April 18, 2006

Miraculously, not all of MSM is snowed by bogus kiddie porn figures

Recently, I documented my futile quest to track down the origin and veracity of a widespread claim that child pornography is a $20 billion a year business.

Today, The Wall Street Journal's Numbers Guy joins the hunt. "It turns out it can be easier to enter a big number into the Congressional record, and national press coverage, than to locate its origin," writes Carl Bialik. Like me, Bialik hits a dead-end, but he does get a promise out of the National Center for Missing and Exploited Children: "If it is determined that this ends up not being a reliable statistic, NCMEC will...stop citing a specific number."

Even if there is a correction, of course, don't expect it to be picked up as widely as the original false claim.
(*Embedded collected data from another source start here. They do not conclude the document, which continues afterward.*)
(* Let $P$ be a finite graded poset of rank $r$ (all maximal chains have length $r$) such that $J(P)$ is tCDE. Then \[\mathbb{E}(\mathrm{uni}_{J(P)};\mathrm{ddeg})=\frac{\#P}{r+2}.\]
   Context: $J(P)$ is the poset of order ideals of $P$ ordered by inclusion; $\mathrm{ddeg}(I)$ is the number of elements of $J(P)$ covered by $I$ (equivalently $\#\max(I)$); $\mathrm{uni}_{J(P)}$ is uniform; $\mathbb{E}(\mu;f)=\sum_I f(I)\mathbb{P}(\mu;I)$. $\mathcal{T}^+_p(I)=1$ iff $p\notin I$ and $p$ is minimal in $P\setminus I$; $\mathcal{T}^-_p(I)=1$ iff $p\in I$ and $p$ is maximal in $I$ (else $0$). $\mu$ is toggle-symmetric if $\mathbb{E}(\mu;\mathcal{T}^+_p)=\mathbb{E}(\mu;\mathcal{T}^-_p)$ for all $p\in P$. $J(P)$ is tCDE if $\mathbb{E}(\mu;\mathrm{ddeg})=\mathbb{E}(\mathrm{uni}_{J(P)};\mathrm{ddeg})$ for every toggle-symmetric distribution $\mu$ on $J(P)$. *)

From HB Require Import structures.
From mathcomp Require Import all_boot all_order all_algebra.
Set Implicit Arguments. Unset Strict Implicit. Unset Printing Implicit Defensive.
Import Order.TTheory GRing.Theory Num.Theory.

Local Open Scope order_scope.

Section Defs.
Variables (d : Order.disp_t) (P : finPOrderType d).

Definition is_chain (C : {set P}) : bool :=
  [forall x in C, forall y in C, (x <= y) || (y <= x)].

Definition is_max_chain (C : {set P}) : bool :=
  is_chain C && [forall D : {set P}, is_chain D ==> (C \subset D) ==> (D == C)].

(* graded of rank r: every maximal chain has length r, i.e. r+1 elements *)
Definition graded_rank (r : nat) : Prop :=
  forall C : {set P}, is_max_chain C -> #|C| = r.+1.

Definition order_ideal (I : {set P}) : bool :=
  [forall x in I, forall y : P, (y <= x) ==> (y \in I)].

Definition ddeg (I : {set P}) : nat :=
  #|[set K : {set P} | order_ideal K && (K \proper I) &&
      [forall L : {set P}, (order_ideal L && (K \proper L) && (L \proper I)) ==> false]]|.

Definition togp (p : P) (I : {set P}) : bool :=
  (p \notin I) && [forall q : P, (q < p) ==> (q \in I)].
Definition togm (p : P) (I : {set P}) : bool :=
  (p \in I) && [forall q : P, (p < q) ==> (q \notin I)].

Local Open Scope ring_scope.
Variable R : realFieldType.

Definition expect (mu : {set P} -> R) (f : {set P} -> R) : R :=
  \sum_(I : {set P} | order_ideal I) f I * mu I.

(* probability distributions on J(P) (values outside J(P) are irrelevant) *)
Definition is_distr (mu : {set P} -> R) : Prop :=
  (forall I, order_ideal I -> 0 <= mu I) /\
  \sum_(I : {set P} | order_ideal I) mu I = 1.

Definition uni : {set P} -> R :=
  fun _ => (#|[set I : {set P} | order_ideal I]|%:R)^-1.

Definition toggle_symmetric (mu : {set P} -> R) : Prop :=
  forall p : P, expect mu (fun I => (togp p I)%:R) = expect mu (fun I => (togm p I)%:R).

Definition tCDE : Prop :=
  forall mu, is_distr mu -> toggle_symmetric mu ->
    expect mu (fun I => (ddeg I)%:R) = expect uni (fun I => (ddeg I)%:R).
End Defs.

(* Write rho(p) for the rank of p (length of a longest chain with top p) and
   I_k = {p | rho(p) < k} for 0 <= k <= r+1.  Each p is minimal outside I_k
   for exactly one k, namely rho(p), and maximal in I_k for exactly one k,
   namely rho(p)+1: here gradedness enters, as height and depth of p add up to
   r+2, so p is covered by an element of rank rho(p)+1 unless rho(p) = r.
   Hence the uniform distribution on the I_k is toggle-symmetric, and by tCDE
   its expected ddeg is that of uni_{J(P)}.  Since ddeg I is the number of
   maximal elements of I, summing ddeg over the I_k counts every element of P
   once, which gives #P/(r+2). *)

From HB Require Import structures.
From mathcomp Require Import all_boot all_order all_algebra zify.
Import Order.TTheory GRing.Theory Num.Theory.
Set Implicit Arguments. Unset Strict Implicit. Unset Printing Implicit Defensive.

Local Open Scope order_scope.

Section Height.
Variables (d : Order.disp_t) (P : finPOrderType d).
Implicit Types (p q x y : P) (C D : {set P}).

Lemma is_chainP C :
  reflect {in C &, forall x y, (x <= y) || (y <= x)} (is_chain C).
Proof.
apply: (iffP forall_inP) => [h x y xC yC | h x xC].
  exact: (forall_inP (h x xC)).
by apply/forall_inP => y yC; apply: h.
Qed.

Lemma is_chainS C D : C \subset D -> is_chain D -> is_chain C.
Proof.
move=> sCD /is_chainP chD; apply/is_chainP => x y xC yC.
by apply: chD; apply: (subsetP sCD).
Qed.

Lemma is_chain1 p : is_chain [set p].
Proof. by apply/is_chainP => x y /set1P -> /set1P ->; rewrite lexx. Qed.

Definition chain_below p C := [&& is_chain C, p \in C & [forall x in C, x <= p]].

Definition height p := \max_(C | chain_below p C) #|C|.

Lemma chain_below1 p : chain_below p [set p].
Proof.
rewrite /chain_below is_chain1 set11.
by apply/forall_inP => x /set1P ->.
Qed.

Lemma height_ge p C : chain_below p C -> (#|C| <= height p)%N.
Proof. exact: (@leq_bigmax_cond _ (chain_below p) (fun C => #|C|)). Qed.

Lemma height_witness p : exists2 C, chain_below p C & height p = #|C|.
Proof.
have : (0 < #|[pred C | chain_below p C]|)%N.
  by apply/card_gt0P; exists [set p]; rewrite inE chain_below1.
by case/(@eq_bigmax_cond _ _ (fun C : {set P} => #|C|)) => C; exists C.
Qed.

Lemma height_gt0 p : (0 < height p)%N.
Proof. by have := height_ge (chain_below1 p); rewrite cards1. Qed.

Lemma lt_height p q : q < p -> (height q < height p)%N.
Proof.
move=> lt_qp; have le_qp := ltW lt_qp.
case: (height_witness q) => C /and3P[chC qC /forall_inP le_Cq] ->.
have pNC : p \notin C by apply/negP => /le_Cq; rewrite (lt_geF lt_qp).
have -> : #|C|.+1 = #|p |: C| by rewrite cardsU1 pNC.
apply: height_ge.
rewrite /chain_below setU11 /=; apply/andP; split.
  apply/is_chainP => x y /setU1P[-> | xC] /setU1P[-> | yC].
  - by rewrite lexx.
  - by rewrite (le_trans (le_Cq _ yC) le_qp) orbT.
  - by rewrite (le_trans (le_Cq _ xC) le_qp).
  - exact: (is_chainP _ chC).
by apply/forall_inP => x /setU1P[-> // | /le_Cq le_xq]; apply: le_trans le_qp.
Qed.

Lemma height_pred p :
  (1 < height p)%N -> exists2 q, q < p & ((height p).-1 <= height q)%N.
Proof.
case: (height_witness p) => C /and3P[chC pC /forall_inP le_Cp] -> gt1C.
have cardCp : #|C :\ p| = (#|C|).-1 by rewrite (cardsD1 p C) pC.
have /card_gt0P[x0 x0C] : (0 < #|C :\ p|)%N by rewrite cardCp -ltnS (ltn_predK gt1C).
(* the element of C :\ p of maximal height is its top *)
case: (@arg_maxnP _ x0 (mem (C :\ p)) height x0C) => q /setD1P[qp qC] qmax.
exists q; first by rewrite lt_neqAle qp le_Cp.
rewrite -cardCp; apply: height_ge.
rewrite /chain_below (is_chainS (subsetDl _ _) chC) !inE qp qC.
apply/forall_inP => x xCp; have /setD1P[_ xC] := xCp.
have /orP[// | le_qx] := is_chainP _ chC x q xC qC.
have [-> // | neq_xq] := eqVneq x q.
have lt_qx : q < x by rewrite lt_neqAle eq_sym neq_xq.
by move: (qmax x xCp) => /=; rewrite leqNgt lt_height.
Qed.

End Height.

Section Depth.
Variables (d : Order.disp_t) (P : finPOrderType d).
Implicit Types (p q x : P) (C : {set P}).

Definition chain_above p C := [&& is_chain C, p \in C & [forall x in C, p <= x]].

Definition depth p := height (p : P^d).

Lemma is_chain_dual (C : {set P}) : is_chain (C : {set P^d}) = is_chain C.
Proof. by apply/is_chainP/is_chainP => h x y xC yC; rewrite orbC; apply: h. Qed.

Lemma chain_below_dual p C : chain_below (p : P^d) C = chain_above p C.
Proof. by rewrite /chain_below is_chain_dual. Qed.

Lemma depth_ge p C : chain_above p C -> (#|C| <= depth p)%N.
Proof. by rewrite -chain_below_dual; apply: height_ge. Qed.

Lemma depth_witness p : exists2 C, chain_above p C & depth p = #|C|.
Proof.
by case: (height_witness (p : P^d)) => C; rewrite chain_below_dual; exists C.
Qed.

Lemma depth_gt0 p : (0 < depth p)%N.
Proof. exact: height_gt0. Qed.

Lemma depth_pred p :
  (1 < depth p)%N -> exists2 q, p < q & ((depth p).-1 <= depth q)%N.
Proof. exact: (@height_pred _ P^d). Qed.

End Depth.

Section Levels.
Variables (d : Order.disp_t) (P : finPOrderType d).
Implicit Types (p q x y : P).

Definition prank p := (height p).-1.

Definition level_ideal k := [set x : P | (prank x < k)%N].

Lemma lt_prank p q : q < p -> (prank q < prank p)%N.
Proof. by move/lt_height; have := height_gt0 q; rewrite /prank; lia. Qed.

Lemma le_prank p q : q <= p -> (prank q <= prank p)%N.
Proof. by rewrite le_eqVlt => /predU1P[-> // | /lt_prank/ltnW]. Qed.

Lemma order_ideal_level k : order_ideal (level_ideal k).
Proof.
apply/forall_inP => x; rewrite inE => lt_xk; apply/forallP => y; apply/implyP.
by rewrite inE => /le_prank le_yx; apply: leq_ltn_trans le_yx lt_xk.
Qed.

Lemma togp_level_ideal p k : togp p (level_ideal k) = (k == prank p).
Proof.
apply/idP/eqP => [/andP[] | ->]; last first.
  rewrite /togp inE ltnn; apply/forallP => q; apply/implyP => lt_qp.
  by rewrite inE lt_prank.
rewrite inE -leqNgt => le_kp /forallP below_in; apply/eqP.
rewrite eqn_leq le_kp leqNgt; apply/negP => lt_kp.
have [|q lt_qp le_height] := @height_pred _ _ p.
  by move: lt_kp; rewrite /prank; lia.
have := below_in q; rewrite lt_qp inE.
by move: lt_kp le_height; rewrite /prank; lia.
Qed.

End Levels.

Section Graded.
Variables (d : Order.disp_t) (P : finPOrderType d) (r : nat).
Hypothesis graded : graded_rank P r.
Implicit Types (p q x : P) (C : {set P}).

Lemma chain_extend C : is_chain C ->
  exists2 M : {set P}, C \subset M & is_chain M /\ #|M| = r.+1.
Proof.
move=> chC; pose ext (D : {set P}) := is_chain D && (C \subset D).
have extC : ext C by rewrite /ext chC subxx.
case: (@arg_maxnP _ C ext (fun D => #|D|) extC) => M /andP[chM sCM] Mmax.
exists M => //; split=> //; apply: graded; rewrite /is_max_chain chM /=.
apply/forallP => D; apply/implyP => chD; apply/implyP => sMD.
rewrite eq_sym eqEcard sMD /=; apply: Mmax.
by rewrite /ext chD (subset_trans sCM sMD).
Qed.

Lemma chain_card_le C : is_chain C -> (#|C| <= r.+1)%N.
Proof. by case/chain_extend => M sCM [_ <-]; apply: subset_leq_card. Qed.

Lemma height_add_depth p : (height p + depth p)%N = r.+2.
Proof.
apply/eqP; rewrite eqn_leq; apply/andP; split.
  case: (height_witness p) => C /and3P[chC pC /forall_inP le_Cp] ->.
  case: (depth_witness p) => E /and3P[chE pE /forall_inP le_pE] ->.
  have chCE : is_chain (C :|: E).
    apply/is_chainP => x y /setUP[xC | xE] /setUP[yC | yE].
    - exact: (is_chainP _ chC).
    - by rewrite (le_trans (le_Cp _ xC) (le_pE _ yE)).
    - by rewrite (le_trans (le_Cp _ yC) (le_pE _ xE)) orbT.
    - exact: (is_chainP _ chE).
  have : C :&: E \subset [set p].
    apply/subsetP => x /setIP[xC xE]; rewrite inE; apply/eqP.
    by apply: le_anti; rewrite le_Cp ?le_pE.
  move/subset_leq_card; rewrite cards1 => le_CE1.
  by rewrite -cardsUI; have := chain_card_le chCE; lia.
case: (chain_extend (is_chain1 p)) => M; rewrite sub1set => pM [chM <-].
pose A := [set x in M | x <= p]; pose B := [set x in M | p <= x].
have sAM : A \subset M by apply/subsetP => x; rewrite inE => /andP[].
have sBM : B \subset M by apply/subsetP => x; rewrite inE => /andP[].
have belowA : chain_below p A.
  rewrite /chain_below (is_chainS sAM chM) inE pM lexx /=.
  by apply/forall_inP => x; rewrite inE => /andP[].
have aboveB : chain_above p B.
  rewrite /chain_above (is_chainS sBM chM) inE pM lexx /=.
  by apply/forall_inP => x; rewrite inE => /andP[].
have sMAB : M \subset A :|: B.
  by apply/subsetP => x xM; rewrite !inE xM; apply: (is_chainP _ chM).
have : (0 < #|A :&: B|)%N by apply/card_gt0P; exists p; rewrite !inE pM lexx.
have := subset_leq_card sMAB; have := cardsUI A B.
by have := height_ge belowA; have := depth_ge aboveB; lia.
Qed.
Still, score one for accuracy in journalism today.

Posted by Daniel Radosh


If we were to use the scale of order of magnitude of error from one of their previous scams...

In order to get their hysterical laws passed, those people were claiming night and day that 700,000 kids disappear in America each year. Of those 700,000, some 3/4 were said to be killed within the first 3 hours.

When confronted with that exaggeration, the DoJ finally admitted the number was closer to 100.

So 700,000 divided by 100 is 7,000.

If we use the scale of order of magnitude of error of 7,000, by dividing $20,000,000 by 7,000, we get a figure of less than $3 million dollars.

That figure is probably much closer to reality.

That should read $20,000,000,000 divided by 7,000 is less than $3 million dollars.